● **Aim of the exercise**
Repeat exactly, and only, the lines of the entries below from the one with "(forall i, rsum" through the one with "(forall j, is_facet (Fj j)) /\", both ends included.

[Stored items]
• • • •
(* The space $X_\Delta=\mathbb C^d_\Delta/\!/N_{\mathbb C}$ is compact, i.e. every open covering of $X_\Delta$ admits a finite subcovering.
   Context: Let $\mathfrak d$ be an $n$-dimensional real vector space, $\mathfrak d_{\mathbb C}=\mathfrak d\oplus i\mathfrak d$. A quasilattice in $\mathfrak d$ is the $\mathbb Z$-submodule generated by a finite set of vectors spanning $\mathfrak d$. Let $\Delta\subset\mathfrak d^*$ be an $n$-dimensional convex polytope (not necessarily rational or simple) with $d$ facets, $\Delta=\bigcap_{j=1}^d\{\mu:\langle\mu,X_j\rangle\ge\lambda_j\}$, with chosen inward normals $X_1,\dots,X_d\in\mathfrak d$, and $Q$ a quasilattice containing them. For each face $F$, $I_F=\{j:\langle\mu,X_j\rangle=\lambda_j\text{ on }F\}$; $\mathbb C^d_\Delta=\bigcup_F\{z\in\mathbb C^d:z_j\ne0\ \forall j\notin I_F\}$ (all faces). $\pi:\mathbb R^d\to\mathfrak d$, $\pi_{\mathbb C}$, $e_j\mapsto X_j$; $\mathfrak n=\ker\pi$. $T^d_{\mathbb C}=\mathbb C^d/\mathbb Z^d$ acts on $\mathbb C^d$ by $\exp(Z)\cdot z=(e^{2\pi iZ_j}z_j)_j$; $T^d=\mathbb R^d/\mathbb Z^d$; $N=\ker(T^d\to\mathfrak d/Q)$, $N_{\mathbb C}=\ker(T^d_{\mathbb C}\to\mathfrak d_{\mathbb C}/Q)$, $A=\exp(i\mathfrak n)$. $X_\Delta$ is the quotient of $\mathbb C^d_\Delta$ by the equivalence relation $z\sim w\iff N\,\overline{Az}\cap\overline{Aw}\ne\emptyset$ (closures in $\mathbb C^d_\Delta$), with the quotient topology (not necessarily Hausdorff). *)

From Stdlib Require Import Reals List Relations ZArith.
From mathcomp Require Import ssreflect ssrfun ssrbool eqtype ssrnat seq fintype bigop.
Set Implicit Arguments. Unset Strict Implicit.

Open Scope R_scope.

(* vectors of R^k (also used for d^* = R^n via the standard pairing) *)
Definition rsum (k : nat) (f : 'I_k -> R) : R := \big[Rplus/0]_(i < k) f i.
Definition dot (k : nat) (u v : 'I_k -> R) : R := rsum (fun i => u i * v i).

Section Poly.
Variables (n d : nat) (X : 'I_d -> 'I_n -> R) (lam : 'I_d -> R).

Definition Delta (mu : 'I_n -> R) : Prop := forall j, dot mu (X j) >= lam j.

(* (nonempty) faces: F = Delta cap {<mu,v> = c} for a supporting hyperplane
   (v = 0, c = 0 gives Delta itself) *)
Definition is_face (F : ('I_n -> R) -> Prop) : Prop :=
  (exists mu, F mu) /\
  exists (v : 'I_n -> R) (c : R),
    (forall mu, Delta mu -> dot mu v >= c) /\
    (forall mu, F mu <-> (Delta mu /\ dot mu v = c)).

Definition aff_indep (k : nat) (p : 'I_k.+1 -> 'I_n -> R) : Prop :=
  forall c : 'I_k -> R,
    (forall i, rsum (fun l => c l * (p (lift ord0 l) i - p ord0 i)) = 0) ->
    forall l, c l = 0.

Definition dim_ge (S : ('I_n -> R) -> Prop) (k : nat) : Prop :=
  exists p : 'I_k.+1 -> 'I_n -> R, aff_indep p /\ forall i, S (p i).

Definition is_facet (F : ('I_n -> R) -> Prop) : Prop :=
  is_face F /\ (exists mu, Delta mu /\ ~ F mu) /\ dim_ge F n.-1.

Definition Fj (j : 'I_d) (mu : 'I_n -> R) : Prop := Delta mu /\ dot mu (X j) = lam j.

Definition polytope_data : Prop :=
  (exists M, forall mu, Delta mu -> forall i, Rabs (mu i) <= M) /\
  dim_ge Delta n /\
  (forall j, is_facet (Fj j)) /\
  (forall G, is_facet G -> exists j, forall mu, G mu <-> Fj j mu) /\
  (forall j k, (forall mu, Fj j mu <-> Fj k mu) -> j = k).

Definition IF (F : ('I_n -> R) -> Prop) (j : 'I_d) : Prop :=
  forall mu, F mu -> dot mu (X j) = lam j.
• • • •
● **Your response**
    (forall i, rsum (fun l => c l * (p (lift ord0 l) i - p ord0 i)) = 0) ->
    forall l, c l = 0.

Definition dim_ge (S : ('I_n -> R) -> Prop) (k : nat) : Prop :=
  exists p : 'I_k.+1 -> 'I_n -> R, aff_indep p /\ forall i, S (p i).

Definition is_facet (F : ('I_n -> R) -> Prop) : Prop :=
  is_face F /\ (exists mu, Delta mu /\ ~ F mu) /\ dim_ge F n.-1.

Definition Fj (j : 'I_d) (mu : 'I_n -> R) : Prop := Delta mu /\ dot mu (X j) = lam j.

Definition polytope_data : Prop :=
  (exists M, forall mu, Delta mu -> forall i, Rabs (mu i) <= M) /\
  dim_ge Delta n /\
  (forall j, is_facet (Fj j)) /\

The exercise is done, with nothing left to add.